_Assignment:_ Among the records that follow, how many lines contain the word "none"? Give the number and no other words.

+++++

Lemma line_closed_card k t (W : {set word}) : k <= m -> t < 2 ^ k ->
  (forall p, p \in W -> weight k p <= t) -> line_closed k t W -> W != set0 -> t < #|W|.
Proof.
(* Slices at a letter other than r inherit the bound min(t, 2^k - 1), the slice at r
   the bound t - 2^k.  If t >= 2^k, a word of weight 0 and its neighbour along the
   coordinate k lie in two different slices, which together have more than t points. *)
elim: k t W => [|k IH] t W hk ht hb hW W0.
  by move: ht; rewrite expn0 ltnS leqn0 => /eqP->; rewrite card_gt0.
set L := Ordinal hk.
have big_slice j : slice W L j != set0 ->
    minn (t - (j == star) * 2 ^ k) (2 ^ k - 1) < #|slice W L j|.
  move=> Sj0; apply: (IH _ _ (ltnW hk) _ _ _ Sj0).
  - by have := expn_gt0 2 k; lia.
  - move=> p; rewrite inE => /andP[pW /eqP pj].
    have := weight_lt p (ltnW hk); have := hb p pW; rewrite (weightS _ hk) -/L pj.
    by set c := _ * _; lia.
  - exact: line_closed_le (geq_minl _ _) (slice_line_closed hb hW).
have [p0 p0W w0] := line_closed_weight0 hW hb W0.
have {w0} [wk0 p0L] : weight k p0 = 0 /\ p0 L != star.
  move/eqP: w0; rewrite (weightS _ hk) -/L addn_eq0 muln_eq0 expn_eq0 orbF eqb0.
  by case/andP => /eqP.
have slice_ne (q : word) : q \in W -> slice W L (q L) != set0.
  by move=> qW; apply/set0Pn; exists q; rewrite inE qW /=.
have := big_slice (p0 L) (slice_ne p0 p0W); rewrite (negbTE p0L) mul0n subn0 => S0.
have sub0 : #|slice W L (p0 L)| <= #|W|.
  by apply/subset_leq_card/subsetP => p; rewrite inE => /andP[].
case: (ltnP t (2 ^ k)) => htk.
  by apply: leq_trans _ sub0; move: S0; rewrite (minn_idPl _) //; lia.
have [|q qW /andP[qp qline]] := hW p0 p0W L (ltnSn k).
  rewrite (weightS _ hk) -/L set_letter_at eqxx mul1n.
  have := weight_line k (mem_line_set_letter p0 L star).
  by rewrite ltnn /= !mul0n !addn0 => <-; rewrite wk0.
have qL : q L != p0 L by apply: contra qp => /eqP /(line_eq qline) ->.
have hP : 2 ^ k <= #|slice W L (p0 L)| by move: S0 htk; lia.
have hQ : t - 2 ^ k < #|slice W L (q L)|.
  move: (big_slice (q L) (slice_ne q qW)) ht htk; rewrite expnS.
  by case: (q L == star); rewrite ?mul1n ?mul0n; lia.
apply: leq_trans (card_slices W L qL); rewrite addnC.
by apply: leq_trans (leq_add hP hQ); lia.
Qed.

Lemma isolated_point t (W : {set word}) :
  t < 2 ^ m -> W \subset Omega m r t -> W != set0 -> #|W| <= t ->
  exists p l, [/\ p \in W, set_letter p l star \in Omega m r t &
                  forall q, q \in W -> q \in line p l -> q = p].
Proof.
move=> ht WO W0 Wt.
have [/existsP[p /andP[pW /existsP[l /andP[pl /forallP iso]]]] | none] := boolP
  [exists p in W, exists l, (set_letter p l star \in Omega m r t) &&
                            [forall q in W, (q \in line p l) ==> (q == p)]].
  exists p, l; split=> // q qW ql; apply/eqP.
  by have := iso q; rewrite qW ql.
suff : t < #|W| by rewrite ltnNge Wt.
apply: (line_closed_card (leqnn m) ht _ _ W0) => [p pW | p pW l _ hw].
  by rewrite -mem_Omega // (subsetP WO).
move/existsPn: none => /(_ p); rewrite pW /= => /existsPn/(_ l).
rewrite mem_Omega // hw /= => /forallPn[q]; rewrite !negb_imply => /andP[qW /andP[ql qp]].
by exists q; rewrite ?qp.
Qed.

End Words.

Lemma F2_addrr (a : GF2) : (a + a = 0)%R.
Proof. exact/addrr_pchar2/pchar_Fp. Qed.

Lemma F2_addr_eq0 (a b : GF2) : (a + b == 0)%R = (a == b).
Proof. by rewrite addr_eq0 (oppr_pchar2 (pchar_Fp _)). Qed.

Lemma syndrome_is_linear m r t : linear (@syndrome m r t).
Proof.
move=> a x y; apply/ffunP => c; rewrite !ffunE /= scaler_sumr -big_split /=.
apply: eq_bigr => b _; rewrite !ffunE mulrDr; congr (_ + _)%R.
by rewrite /GRing.scale /= mulrCA.
Qed.

HB.instance Definition _ m r t :=
  GRing.isLinear.Build _ _ _ _ (@syndrome m r t) (@syndrome_is_linear m r t).

Section Code.

Variables m r t : nat.
Hypothesis ht : t < 2 ^ m.
Local Notation word := (word m r).
Local Notation star := (@ord_max r).
Local Notation coord := (Defs.coord m r t).
Local Notation C := (Ccode m r t).
Local Open Scope ring_scope.

Definition entry k (x : {ffun Defs.coord m r k -> GF2^o}) (w : word) : GF2 :=
  if insub w is Some c then x c else 0.

Lemma entry_val k (x : {ffun Defs.coord m r k -> GF2^o}) c : entry x (val c) = x c.
Proof. by rewrite /entry valK. Qed.

Lemma sum_coord (V : nmodType) (A : {set word}) (F : word -> V) :
  A \subset Omega m r t -> \sum_(c : coord | val c \in A) F (val c) = \sum_(w in A) F w.
Proof.
move=> AO; rewrite -big_sub_cond; apply: eq_bigl => w.
by rewrite andb_idl // => /(subsetP AO).
Qed.

Lemma Lset_sub_Omega0 p : Lset p \subset Omega m r 0.
Proof. by apply/subsetP => b; rewrite inE mem_Omega0 => /andP[]. Qed.

Lemma Lset_Omega0 p : p \in Omega m r 0 -> Lset p = [set p].
Proof.
rewrite mem_Omega0 => /forallP p0; apply/setP => b; rewrite !inE.
apply/andP/eqP => [[_ /forallP bp]|->].
  by apply/ffunP => l; apply/eqP/(implyP (bp l)); rewrite inE.
by split; apply/forallP => l; rewrite ?p0 ?eqxx ?implybT.
Qed.

Lemma syndromeE x (a : coord) : syndrome x a =
  if val a \in Omega m r 0 then 0 else entry x (val a) + \sum_(b in Lset (val a)) entry x b.
Proof.
rewrite ffunE; under eq_bigr => c _ do rewrite -[x c]entry_val.
rewrite -(big_sub _ (fun w => Hmat t (val a) w * entry x w)).
case: ifP => a0; first by rewrite big1 // => w _; rewrite /Hmat in_setD a0 mul0r.
have aO := valP a; have LO : val a |: Lset (val a) \subset Omega m r t.
  by rewrite subUset sub1set aO (subset_trans (Lset_sub_Omega0 _) (Omega0_sub _ _ _)).
rewrite (big_setID (val a |: Lset (val a))) /= (setIidPr LO) big_setU1 /=; last first.
  by apply: contraFN a0; apply/subsetP/Lset_sub_Omega0.
rewrite [X in _ + X]big1 ?addr0 => [|w /setDP[_]]; last first.
  by rewrite /Hmat in_setU1 => /norP[/negbTE-> /negbTE->]; rewrite !andbF mul0r.
congr (_ + _); last apply: eq_bigr => w wL; rewrite /Hmat in_setD a0 aO /=.
- by rewrite eqxx orbT mul1r.
- by rewrite wL (subsetP LO) ?mul1r // setU1r.
Qed.

Lemma CcodeP x : reflect
  (forall w, w \in Omega m r t -> entry x w = \sum_(b in Lset w) entry x b) (x \in C).
Proof.
rewrite memv_ker lfunE /=; apply: (iffP eqP) => [s0 w wO | hx].
  case: (boolP (w \in Omega m r 0)) => w0; first by rewrite Lset_Omega0 // big_set1.
  move/ffunP/(_ (Sub w wO)): s0; rewrite syndromeE /= (negbTE w0).
  by rewrite ffunE => /eqP; rewrite F2_addr_eq0 => /eqP.
apply/ffunP => a; rewrite syndromeE ffunE; case: ifP => // _.
by rewrite -hx ?F2_addrr // (valP a).
Qed.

+++++

_Result for this task:_ 2